Yes, I can reproduce the error now when run with below steps.

  1. Comment out the line pretrained_backbone_path. Set num_classes: 2. Train 2 classes(cat and dogs) dataset mentioned in the notebook. After 1 or 2 epochs, get the latest result ./results_train/train/classifier_model_latest.pth.
  2. Set pretrained_backbone_path: ./results_train/train/classifier_model_latest.pth. Set num_classes: 3.
    Also change the dataset to 3 classes.
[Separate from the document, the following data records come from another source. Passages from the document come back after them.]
(* Let $G_7=K_1+P_6$ be the graph obtained from the path $P_6$ on six vertices by adding one new vertex adjacent to all six vertices of the path. Then $G_7$ is outerplanar and $\chi_{\mathrm{so}}(G_7)=7$.
   Context: All graphs are finite, simple and undirected. A strong odd coloring of a graph $G$ is a proper vertex coloring of $G$ such that for every non-isolated vertex $v$ and every color $c$, either no vertex of the open neighborhood $N_G(v)$ has color $c$, or color $c$ is used on an odd number of vertices of $N_G(v)$. The strong odd chromatic number $\chi_{\mathrm{so}}(G)$ is the minimum number of colors in a strong odd coloring of $G$. A graph is outerplanar if it has a plane embedding in which all vertices lie on the boundary of a single face. *)

From mathcomp Require Import all_boot.
Set Implicit Arguments. Unset Strict Implicit. Unset Printing Implicit Defensive.

(* A finite simple graph is given by a vertex type T : finType and an
   adjacency relation e : rel T (intended symmetric and irreflexive). *)

Definition nbhd (T : finType) (e : rel T) (v : T) : {set T} := [set u | e v u].

Definition non_isolated (T : finType) (e : rel T) (v : T) : bool := [exists u, e v u].

Definition strong_odd_coloring (T : finType) (e : rel T) (k : nat) (c : T -> 'I_k) : Prop :=
  (forall x y, e x y -> c x != c y) /\
  (forall v, non_isolated e v -> forall col : 'I_k,
     let n := #|[set u in nbhd e v | c u == col]| in (n == 0) || odd n).

Definition so_colorable (T : finType) (e : rel T) (k : nat) : Prop :=
  exists c : T -> 'I_k, strong_odd_coloring e c.

Definition chi_so_eq (T : finType) (e : rel T) (m : nat) : Prop :=
  so_colorable e m /\ forall k, so_colorable e k -> m <= k.

(* Outerplanarity, via the standard combinatorial description of an outerplane
   embedding: the vertices are placed in a cyclic order on a circle (the
   boundary of the outer face) and the edges are drawn as chords inside it,
   no two of which cross.  pos gives the (injective) position of each vertex
   along the circle; two edges {a,b}, {c,d} cross iff their endpoints
   interleave: pos a < pos c < pos b < pos d. *)
Definition outerplanar (T : finType) (e : rel T) : Prop :=
  exists pos : T -> nat, injective pos /\
    forall a b c d, e a b -> e c d ->
      ~ (pos a < pos c /\ pos c < pos b /\ pos b < pos d).

(* G_7 = K_1 + P_6: vertices 0..5 form the path 0-1-2-3-4-5,
   vertex 6 is adjacent to all of them. *)
Definition G7 : rel 'I_7 :=
  fun i j => (i != j) &&
    [|| (val i == 6), (val j == 6), (val i).+1 == val j | (val j).+1 == val i].

(* Every colour class S of a strong odd coloring is independent and meets
   each neighbourhood in zero or an odd number of vertices.  In G_7 such a
   set has at most one vertex, so all seven vertices get distinct colours.
   Indeed, if |S| >= 2 then S avoids the apex, which is adjacent to all of
   S, so |S| is odd and hence at least 3.  Two vertices of S at distance 1
   along the path are adjacent, and two at distance 2 have a common path
   neighbour seeing exactly two vertices of S; so the vertices of S are at
   least 3 apart, and three of them do not fit on a path of six vertices.
   Placing the apex first on the circle and the path after it in order
   exhibits G_7 as a fan, whose chords do not cross. *)
From mathcomp Require Import all_boot zify.

Set Implicit Arguments.
Unset Strict Implicit.
Unset Printing Implicit Defensive.

Section StrongOddColoring.

Variables (T : finType) (e : rel T).

Definition odd_independent (S : {set T}) : bool :=
  [forall x in S, forall y in S, ~~ e x y] &&
  [forall v, let n := #|nbhd e v :&: S| in (n == 0) || odd n].

Lemma color_class_odd_independent k (c : T -> 'I_k) (col : 'I_k) :
  strong_odd_coloring e c -> odd_independent [set u | c u == col].
Proof.
move=> [proper oddc]; apply/andP; split.
  apply/forall_inP => x; rewrite inE => /eqP cx; apply/forall_inP => y.
  rewrite inE => /eqP cy; apply/negP => /proper.
  by rewrite cx cy eqxx.
apply/forallP => v /=.
have -> : nbhd e v :&: [set u | c u == col] = [set u in nbhd e v | c u == col].
  by apply/setP => u; rewrite !inE.
have [/oddc/(_ col) // | isolated_v] := boolP (non_isolated e v).
suff -> : [set u in nbhd e v | c u == col] = set0 by rewrite cards0.
apply/setP => u; rewrite !inE; apply/negbTE/nandP; left.
by apply: contra isolated_v => evu; apply/existsP; exists u.
Qed.

Lemma injective_strong_odd_coloring k (c : T -> 'I_k) :
  irreflexive e -> injective c -> strong_odd_coloring e c.
Proof.
move=> e_irr c_inj; split=> [x y exy | v _ col /=].
  by rewrite (inj_eq c_inj); apply: contraTneq exy => ->; rewrite e_irr.
have : #|[set u in nbhd e v | c u == col]| <= 1.
  apply/card_le1_eqP => x y; rewrite !inE => /andP[_ /eqP cx] /andP[_ /eqP cy].
  by apply: c_inj; rewrite cx cy.
by case: #|_| => [|[|]].
Qed.

Lemma odd_independent_universal a S :
  (forall v, v != a -> e a v) -> odd_independent S -> 1 < #|S| ->
  a \notin S /\ odd #|S|.
Proof.
move=> a_univ /andP[/forall_inP indep /forallP oddS] S_gt1.
have /card_gt1P[x [y [xS yS xy]]] := S_gt1.
have aNS : a \notin S.
  apply/negP => aS.
  have eq_a u : u \in S -> u = a.
    move=> uS; apply/eqP/negP => /negP/a_univ eau.
    by have /forall_inP/(_ u uS) := indep a aS; rewrite eau.
  by move/eqP: xy; rewrite (eq_a x xS) (eq_a y yS).
have NaS : nbhd e a :&: S = S.
  apply/setIidPr/subsetP => u uS; rewrite inE a_univ //.
  by apply: contraNneq aNS => <-.
split=> //; move: (oddS a) S_gt1; rewrite /= NaS.
by case: #|S| => [|[|]].
Qed.

Hypothesis odd_independent_le1 : forall S, odd_independent S -> #|S| <= 1.

Lemma strong_odd_coloring_inj k (c : T -> 'I_k) :
  strong_odd_coloring e c -> injective c.
Proof.
move=> soc x y cxy.
have /card_le1_eqP := odd_independent_le1 (color_class_odd_independent (c x) soc).
by apply; rewrite inE ?cxy.
Qed.

Lemma so_colorable_card_le k : so_colorable e k -> #|T| <= k.
Proof.
by move=> [c /strong_odd_coloring_inj c_inj]; rewrite -[k]card_ord (leq_card _ c_inj).
Qed.

End StrongOddColoring.

Lemma chi_so_eq_order n (e : rel 'I_n) :
  irreflexive e -> (forall S, odd_independent e S -> #|S| <= 1) ->
  chi_so_eq e n.
Proof.
move=> e_irr small; split.
  by exists id; apply: injective_strong_odd_coloring.
by move=> k /(so_colorable_card_le small); rewrite card_ord.
Qed.

Lemma G7_irreflexive : irreflexive G7.
Proof. by move=> i; rewrite /G7 eqxx. Qed.

Local Notation apex := (@ord_max 6).

Lemma G7_apex v : v != apex -> G7 apex v.
Proof. by move=> vN; rewrite /G7 eq_sym vN eqxx. Qed.

Lemma G7_path_vertex (S : {set 'I_7}) u : apex \notin S -> u \in S -> u < 6.
Proof.
move=> apexNS uS; have := ltn_ord u; rewrite ltnS leq_eqVlt => /orP[/eqP u6|//].
by move: apexNS; rewrite (_ : apex = u) ?uS //; apply: val_inj.
Qed.

Lemma G7_odd_independent_gap (S : {set 'I_7}) x y :
  odd_independent G7 S -> apex \notin S -> x \in S -> y \in S ->
  x < y -> x + 3 <= y.
Proof.
move=> /andP[/forall_inP indep /forallP oddS] apexNS xS yS xy.
have y_lt6 := G7_path_vertex apexNS yS.
rewrite leqNgt; apply/negP => close.
have y_eq : y = x.+2 :> nat.
  by move: (forall_inP (indep x xS) y yS); rewrite /G7 -[x == y]val_eqE /=; lia.
have m_lt : x.+1 < 7 by lia.
pose m := Ordinal m_lt.
have Nm : nbhd G7 m :&: S = [set x; y].
  apply/setP => u; rewrite !inE; case uS : (u \in S); last first.
    by rewrite andbF; apply/esym/norP; split; apply: contraFneq uS => ->.
  have := G7_path_vertex apexNS uS.
  rewrite andbT /G7 -!val_eqE /=; lia.
by have := oddS m; rewrite /= Nm cards2 -val_eqE (ltn_eqF xy).
Qed.

Lemma G7_odd_independent_le1 S : odd_independent G7 S -> #|S| <= 1.
Proof.
move=> oiS; rewrite leqNgt; apply/negP => S_gt1.
have [apexNS odd_S] := odd_independent_universal G7_apex oiS S_gt1.
have /card_gt2P[x [y [z [[xS yS zS] [xy yz zx]]]]] : 2 < #|S|.
  by move: S_gt1 odd_S; case: #|S| => [|[|[|]]].
have gap u v : u \in S -> v \in S -> u != v -> (u + 3 <= v) || (v + 3 <= u).
  move=> uS vS; rewrite -val_eqE; case: (ltngtP u v) => [uv|vu|//] _.
    by rewrite (G7_odd_independent_gap oiS apexNS uS vS uv).
  by rewrite (G7_odd_independent_gap oiS apexNS vS uS vu) orbT.
move: (gap x y xS yS xy) (gap y z yS zS yz) (gap z x zS xS zx).
move: (G7_path_vertex apexNS xS) (G7_path_vertex apexNS yS) (G7_path_vertex apexNS zS).
lia.
Qed.

Lemma G7_outerplanar : outerplanar G7.
Proof.
exists (fun i : 'I_7 => i.+1 %% 7); split.
  move=> i j pos_ij; apply: val_inj; move: pos_ij (ltn_ord i) (ltn_ord j) => /=.
  lia.
move=> a b c d; rewrite /G7 -!val_eqE /=.
have := ltn_ord a; have := ltn_ord b; have := ltn_ord c; have := ltn_ord d.
lia.
Qed.

Theorem proposition3p2 : outerplanar G7 /\ chi_so_eq G7 7.
Proof.
split; first exact: G7_outerplanar.
exact: chi_so_eq_order G7_irreflexive G7_odd_independent_le1.
Qed.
I generate a dummy “owl” dataset by copying from the “cat” dataset.

The workaround is to generate a new backbone_only.pt based on the classifier_model_latest.pth.

import torch

# Load the checkpoint (disable weights_only, only do this if you trust the file!)
ckpt = torch.load('classifier_model_latest.pth', map_location='cpu', weights_only=False)

# Extract the model's state_dict
state_dict = ckpt['state_dict']

# Keep only backbone parameters (exclude parameters starting with 'model.head.')
backbone_state_dict = {k: v for k, v in state_dict.items() if not k.startswith('model.head.')}

# Save the filtered state_dict as a new .pth file
torch.save(backbone_state_dict, 'backbone_only.pth')

print('Saved backbone_only.pth, contains only backbone parameters. Count:', len(backbone_state_dict))
print('Example parameter names:', list(backbone_state_dict.keys())[:1000])

The reason why you cannot see the issue from the official model is that
'head.fc.weight', 'head.fc.bias'] are skipped when run tao_pytorch_backend/nvidia_tao_pytorch/cv/classification_pyt/model/classifier.py at main · NVIDIA/tao_pytorch_backend · GitHub.

You can find below log.

_IncompatibleKeys(missing_keys=['head.weight', 'head.bias'], unexpected_keys=['head.fc.weight', 'head.fc.bias'])GPU available: True (cuda), used: True.fc.bias']) (classifier.py:69)

In other words, TAO’s official model works because the classification head parameter names do not match the new model, so they are skipped. Your own model fails because the parameter names match, but the shapes differ, triggering a shape mismatch error.

BTW, you can check the parameter names against both the official model or your own model via below script.

import torch
state_dict_official = torch.load('fan_hybrid_small.pth')
print(state_dict_official.keys())
print(state_dict_official['state_dict'].keys())

1 Like

Okay, thank you. My problem has been resolved

This topic was automatically closed 14 days after the last reply. New replies are no longer allowed.